On the present generation of pastors, he has observed that they “preach with considerable passion after much meditation on Scripture, but their spiritual authority is lower than the first generation.” The distinction he draws — between learned diligence and a kind of authority rooted in prayer and encounter — reflects the Holiness movement’s characteristic suspicion that theological sophistication alone is insufficient ground for ministry.
On Screens, Programs, and the Priority of Preaching
In a January 2025 interview with Christian Daily, Lee addressed the technological environment of contemporary worship directly: “Displaying sermons or Scripture passages on screens distances the congregation from the Bible.” This is not a technophobe’s instinct but a considered pastoral preference — he values the act of congregants physically holding a Bible and turning to the text themselves.

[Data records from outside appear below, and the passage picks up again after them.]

Lemma join_closure_mul_le_iff a u v :
  le (qq_mul A u v) (join_closure a) <-> le (meet u v) (join_closure a).
Proof.
  apply (prefixed_mul_le_iff bottom_nucleus_is_nucleus).
  apply join_closure_prefixed; now left.
Qed.

Lemma join_closure_ind (Q : A -> Prop) :
  (forall p u, join_generator p -> Q u -> Q (p u)) ->
  (forall D, directed A D -> (forall d, D d -> Q d) -> Q (cl_sup A D)) ->
  forall a, Q a -> exists T, Q T /\ le (join_closure a) T.
Proof.
  intros HQ HD a Qa.
  destruct (pataraia join_generator Q) with (a := a) as [T [QT [HaT HT]]]; auto.
  - intros p Gp x y; exact (nucleus_mono (join_generator_is_nucleus Gp)).
  - intros p Gp; exact (nucleus_infl (join_generator_is_nucleus Gp)).
  - exists T; split; [exact QT|now apply join_closure_least].
Qed.

Lemma join_closure_meet_le a c s :
  common_prefixed s -> le (meet c a) s -> le (meet c (join_closure a)) s.
Proof.
  intros Ss Hs.
  destruct (join_closure_ind (fun u => le (meet c u) s)) with (a := a)
    as [T [HT HaT]]; [| |exact Hs|].
  - intros p u Gp Hu; pose proof (join_generator_is_nucleus Gp) as Hp.
    apply (le_trans (meet_mono (nucleus_infl Hp c) (le_refl _))).
    rewrite <- (nucleus_meet Hp).
    exact (le_trans (nucleus_mono Hp Hu) (Ss p Gp)).
  - intros D HD HDs; apply (prefixed_meet_sup_le bottom_nucleus_is_nucleus);
      [apply Ss; now left|exact HD|exact HDs].
  - exact (le_trans (meet_mono (le_refl c) HaT) HT).
Qed.

Lemma join_closure_meet a b : join_closure (meet a b) = meet (join_closure a) (join_closure b).
Proof.
  apply le_antisym.
  - apply meet_glb; apply join_closure_mono; [apply meet_lel|apply meet_ler].
  - apply join_closure_meet_le; [apply join_closure_prefixed|].
    rewrite meetC; apply join_closure_meet_le; [apply join_closure_prefixed|].
    rewrite meetC; apply join_closure_infl.
Qed.

Lemma join_closure_mul_meet a b : join_closure (qq_mul A a b) = join_closure (meet a b).
Proof.
  apply le_antisym; apply join_closure_least; try apply join_closure_prefixed;
    apply join_closure_mul_le_iff, join_closure_infl.
Qed.

Lemma join_closure_is_nucleus : idiomatic_nucleus A join_closure.
Proof.
  repeat split.
  - exact join_closure_mono.
  - exact join_closure_infl.
  - intros a b; apply join_closure_mul_le_iff.
    rewrite join_closure_mul_meet, join_closure_meet; apply le_refl.
  - exact join_closure_mul_meet.
  - exact join_closure_meet.
  - intro a; apply le_antisym; [|apply join_closure_infl].
    apply join_closure_least; [apply join_closure_prefixed|apply le_refl].
Qed.

Definition NI_sup : NI := exist _ join_closure join_closure_is_nucleus.

Lemma NI_sup_lub : is_lub NI_le X NI_sup.
Proof.
  split.
  - intros x Xx a; simpl.
    apply (le_trans (nucleus_mono (proj2_sig x) (join_closure_infl a))).
    apply join_closure_prefixed; right; now exists x.
  - intros u Hu a; simpl.
    apply join_closure_least; [|apply (nucleus_infl (proj2_sig u))].
    intros p [-> | [x [Xx ->]]].
    + exact (le_trans (bottom_nucleus_le u _) (nucleus_image_prefixed (proj2_sig u) a)).
    + exact (le_trans (Hu x Xx _) (nucleus_image_prefixed (proj2_sig u) a)).
Qed.

End Join.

He extended the same logic to programming: “The more programs you have, the further you drift from the focus of ministry.” This is a counter-intuitive position for a pastor who oversaw a congregation of twelve thousand, where the institutional capacity for diverse programming would have been substantial. His preference was consistently to concentrate rather than to diversify.
The theological ground for both positions is explicit in his summary statement: “For right pastoral ministry to overcome the church’s crisis, preaching must be restored.” This is not merely a preference for one pastoral activity over another. It is a diagnosis: where preaching has been displaced — by spectacle, by program, by technique — the church is in crisis, and the restoration must begin with the pulpit.
Conclusion
Lee Jung-ik’s preaching is shaped by a coherent set of convictions rather than a distinctive structural technique. The topical form, the everyday language, the absence of original-language exposition — these are in service of Hwang Deok-hyung’s key observation: that Lee has the ability to make the encounter with God feel like an ordinary event in an ordinary life. “Soda preaching” is rejected because it substitutes emotional relief for that genuine encounter. Screens and programs are kept at arm’s length because they risk displacing the thing itself.

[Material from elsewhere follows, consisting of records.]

(* A general map $\mathcal M=(B,\sigma,\alpha)$ has a single component (i.e. is a map) if and only if $\mathcal M$ has a quasi-tree.
   Context: A general map is a triple $\mathcal M=(B,\sigma,\alpha)$ where $B$ is a finite set (of flags), $\sigma,\alpha$ are permutations of $B$, and $\alpha$ is a fixed-point-free involution. Its components are the orbits of the group $\langle\sigma,\alpha\rangle$ on $B$; it is a map if $\langle\sigma,\alpha\rangle$ acts transitively on $B$. The edges of $\mathcal M$ are the cycles of $\alpha$ (two-element sets); for $b\in B$ write $\underline b=\{b,\alpha(b)\}$. For a set $F$ of edges, let $\alpha_F$ be the permutation of $B$ equal to $\alpha$ on $\bigcup F$ and to the identity elsewhere; the tour of $F$ in $\mathcal M$ is the permutation $\tau=\sigma\alpha_F$, i.e. $\tau(b)=\sigma(\alpha(b))$ if $\underline b\in F$ and $\tau(b)=\sigma(b)$ otherwise. A quasi-tree of $\mathcal M$ is a set $F$ of edges whose tour in $\mathcal M$ is a single cycle (a cyclic permutation of all of $B$). *)

From mathcomp Require Import all_boot all_fingroup.
Set Implicit Arguments. Unset Strict Implicit. Unset Printing Implicit Defensive.

(* A general map (B, sigma, alpha): B a finite type of flags, sigma alpha
   permutations of B, alpha a fixed-point-free involution. *)
Definition fpf_involution (B : finType) (alpha : {perm B}) : Prop :=
  (forall b, alpha (alpha b) = b) /\ (forall b, alpha b != b).

Definition edge_of (B : finType) (alpha : {perm B}) (b : B) : {set B} :=
  [set b; alpha b].

Definition edges (B : finType) (alpha : {perm B}) : {set {set B}} :=
  [set edge_of alpha b | b : B].

Definition components (B : finType) (sigma alpha : {perm B}) : {set {set B}} :=
  orbit 'P <<[set sigma; alpha]>> @: [set: B].

Definition is_map (B : finType) (sigma alpha : {perm B}) : Prop :=
  #|components sigma alpha| = 1.

Definition alphaF_fun (B : finType) (alpha : {perm B}) (F : {set {set B}}) (b : B) : B :=
  if edge_of alpha b \in F then alpha b else b.

Definition tour_fun (B : finType) (sigma alpha : {perm B}) (F : {set {set B}}) (b : B) : B :=
  sigma (alphaF_fun alpha F b).

Definition single_cycle (B : finType) (f : B -> B) : Prop :=
  exists tau : {perm B}, (forall b, tau b = f b) /\ #|porbits tau| = 1.

Definition quasi_tree (B : finType) (sigma alpha : {perm B}) (F : {set {set B}}) : Prop :=
  F \subset edges alpha /\ single_cycle (tour_fun sigma alpha F).

From mathcomp Require Import all_boot all_fingroup.
Set Implicit Arguments. Unset Strict Implicit. Unset Printing Implicit Defensive.

(* Toggling the edge {b, alpha b} in F composes the tour with the transposition
   (b, alpha b), which merges the tour cycles of b and alpha b when they differ.
   So a set of edges whose tour has the fewest cycles has every edge inside a
   single cycle; then the cycles are stable under sigma and alpha, hence under
   the group they generate, and for a map there is only one.  Conversely each
   step of a tour moves inside a component, so a one-cycle tour forces a single
   component. *)

Section PermGroupOrbits.
Variable T : finType.

Lemma orbit_gen_sub (S : {set {perm T}}) (A : {set T}) x :
  (forall s y, s \in S -> y \in A -> s y \in A) ->
  x \in A -> orbit 'P <<S>> x \subset A.
Proof.
move=> stabA Ax; rewrite acts_sub_orbit // gen_subG.
apply/subsetP=> s Ss; rewrite !inE; apply/subsetP=> y Ay.
by rewrite inE /= apermE stabA.
Qed.

Lemma card_orbits1P (H : {group {perm T}}) :
  reflect (exists x, [set: T] \subset orbit 'P H x)
          (#|orbit 'P H @: [set: T]| == 1).
Proof.
apply: (iffP cards1P) => [[o orbitsE] | [x Hx]].
  have /imsetP[x _ ox] : o \in orbit 'P H @: [set: T] by rewrite orbitsE set11.
  exists x; apply/subsetP=> y _.
  have : orbit 'P H y \in [set o] by rewrite -orbitsE imset_f ?inE.
  by rewrite inE ox => /eqP <-; apply: orbit_refl.
exists (orbit 'P H x); apply/setP=> o; rewrite inE.
apply/imsetP/eqP=> [[y _ ->] | ->]; last by exists x.
by apply/orbit_eqP/(subsetP Hx); rewrite inE.
Qed.

Lemma porbitsE (t : {perm T}) : porbits t = orbit 'P <[t]> @: [set: T].
Proof.
by apply/setP=> o; apply/imsetP/imsetP=> [] [x _ ->]; exists x; rewrite ?porbitE.
Qed.

End PermGroupOrbits.

Section Tours.
Variables (B : finType) (sigma alpha : {perm B}).
Hypothesis alphaK : involutive alpha.
Implicit Types F : {set {set B}}.

Lemma edge_of_alpha b : edge_of alpha (alpha b) = edge_of alpha b.
Proof. by rewrite /edge_of alphaK setUC. Qed.

Lemma alphaF_funK F : involutive (alphaF_fun alpha F).
Proof.
move=> x; rewrite /alphaF_fun; case eF: (edge_of alpha x \in F); rewrite ?eF //.
by rewrite edge_of_alpha eF alphaK.
Qed.

Definition alphaF F : {perm B} := perm (can_inj (alphaF_funK F)).

Lemma alphaFK F : involutive (alphaF F).
Proof. by move=> x; rewrite !permE alphaF_funK. Qed.

Definition tour F : {perm B} := (alphaF F * sigma)%g.

Lemma tourE F x : tour F x = tour_fun sigma alpha F x.
Proof. by rewrite permM permE. Qed.

Definition toggle F e := if e \in F then F :\ e else e |: F.

Lemma toggle_edge_sub F b :
  F \subset edges alpha -> toggle F (edge_of alpha b) \subset edges alpha.
Proof.
rewrite /toggle => sFE; case: ifP => _; first exact: subset_trans (subsetDl _ _) sFE.
by rewrite subUset sFE sub1set imset_f.
Qed.

Lemma alphaF_toggle F b :
  alphaF (toggle F (edge_of alpha b)) = (tperm b (alpha b) * alphaF F)%g.
Proof.
set e := edge_of alpha b; apply/permP=> x; rewrite permM.
case: (tpermP b (alpha b) x) => [-> | -> | /eqP xNb /eqP xNab];
  rewrite !permE /alphaF_fun /toggle.
1,2: by rewrite edge_of_alpha -/e; case: (e \in F) => /=;
       rewrite ?in_setD1 ?in_setU1 ?eqxx ?alphaK.
have xe : edge_of alpha x != e.
  apply/eqP=> xeE; have : x \in e by rewrite -xeE !inE eqxx.
  by rewrite !inE (negbTE xNb) (negbTE xNab).
by case: (e \in F); rewrite ?in_setD1 ?in_setU1 (negbTE xe).
Qed.

Lemma tour_toggle F b :
  tour (toggle F (edge_of alpha b)) = (tperm b (alpha b) * tour F)%g.
Proof. by rewrite /tour alphaF_toggle mulgA. Qed.

Lemma card_porbits_toggle F b :
  alpha b \notin porbit (tour F) b ->
  #|porbits (tour (toggle F (edge_of alpha b)))| < #|porbits (tour F)|.
Proof.
move=> abNb; have bNab : b != alpha b by apply: contraNneq abNb => <-; apply: porbit_id.
have := porbits_mul_tperm (tour F) b (alpha b).
rewrite porbit_sym abNb bNab /= addn2 addn1 tour_toggle => -[<-].
exact: ltnSn.
Qed.

Local Notation G := <<[set sigma; alpha]>>%g.

Lemma alphaF_in_orbit F x : alphaF F x \in orbit 'P G x.
Proof.
rewrite permE /alphaF_fun; case: ifP => _; last exact: orbit_refl.
by rewrite -[alpha x]apermE mem_orbit // mem_gen ?set22.
Qed.

Lemma tour_in_orbit F x : tour F x \in orbit 'P G x.
Proof.
rewrite permM -[sigma _]apermE.
by apply: orbit_trans (alphaF_in_orbit F x); rewrite mem_orbit // mem_gen ?set21.
Qed.

Lemma porbit_tour_sub F x : porbit (tour F) x \subset orbit 'P G x.
Proof.
rewrite porbitE; apply: orbit_gen_sub (orbit_refl _ _ _) => _ y /set1P -> xy.
by apply: orbit_trans xy; apply: tour_in_orbit.
Qed.

Lemma orbit_sub_porbit_tour F x :
  (forall b, alpha b \in porbit (tour F) b) ->
  orbit 'P G x \subset porbit (tour F) x.
Proof.
set t := tour F => alpha_in.
have alpha_porbit z : porbit t (alpha z) = porbit t z by apply/eqP; rewrite eq_porbit_mem.
apply: orbit_gen_sub (porbit_id _ _) => s y.
rewrite -!eq_porbit_mem => /set2P[] -> /eqP <-; apply/eqP; last exact: alpha_porbit.
have alphaF_porbit : porbit t (alphaF F y) = porbit t y.
  by rewrite permE /alphaF_fun; case: (_ \in F).
have -> : sigma y = (t ^+ 1)%g (alphaF F y) by rewrite expg1 permM alphaFK.
by rewrite porbit_perm.
Qed.

Lemma is_map_tour F : #|porbits (tour F)| = 1 -> is_map sigma alpha.
Proof.
rewrite porbitsE => /eqP/card_orbits1P[b sBb]; apply/eqP/card_orbits1P; exists b.
by apply: subset_trans sBb _; rewrite -porbitE porbit_tour_sub.
Qed.

Lemma is_map_one_cycle_tour :
  is_map sigma alpha ->
  exists2 F : {set {set B}}, F \subset edges alpha & #|porbits (tour F)| = 1.
Proof.
move=> /eqP/card_orbits1P[b sBb].
have [F sFE minF] := @arg_minnP _ set0 (fun F => F \subset edges alpha)
  (fun F => #|porbits (tour F)|) (sub0set _).
exists F => //.
have alpha_in c : alpha c \in porbit (tour F) c.
  apply/negPn/negP => /card_porbits_toggle; rewrite ltnNge.
  by rewrite minF ?toggle_edge_sub.
rewrite porbitsE; apply/eqP/card_orbits1P; exists b; rewrite -porbitE.
by apply: subset_trans sBb (orbit_sub_porbit_tour _ alpha_in).
Qed.

End Tours.

Theorem lemma2 (B : finType) (sigma alpha : {perm B}) :
  fpf_involution alpha ->
  (is_map sigma alpha <-> exists F : {set {set B}}, quasi_tree sigma alpha F).
Proof.
case=> alphaK _; split => [mapM | [F [_ [tau [tauE card_tau]]]]].
  have [F sFE cardF] := is_map_one_cycle_tour alphaK mapM.
  by exists F; split => //; exists (tour sigma alphaK F); split=> // x; rewrite tourE.
have tau_tour : tau = tour sigma alphaK F by apply/permP=> x; rewrite tauE tourE.
by rewrite tau_tour in card_tau; apply: is_map_tour card_tau.
Qed.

The three coordinates — comfort in the sense of life-embeddedness, fidelity to the gospel over technique, and preaching as the non-negotiable core of ministry — appear consistently across his twenty-five-year pastorate at Sinchon Holiness Church and in the positions he has articulated since retirement. They form the interpretive key to what his pulpit was doing.
The analysis by Professor Hwang Deok-hyung cited in this article draws on reporting from Christian Today based on the Korea Society of Systematic Theology, “Gospel and Preaching,” Korean Journal of Systematic Theology, vol. 15 (January 2006). Direct quotations from Pastor Lee are sourced from Disciple magazine (July 2017) and the Christian Daily New Year interview (January 2025).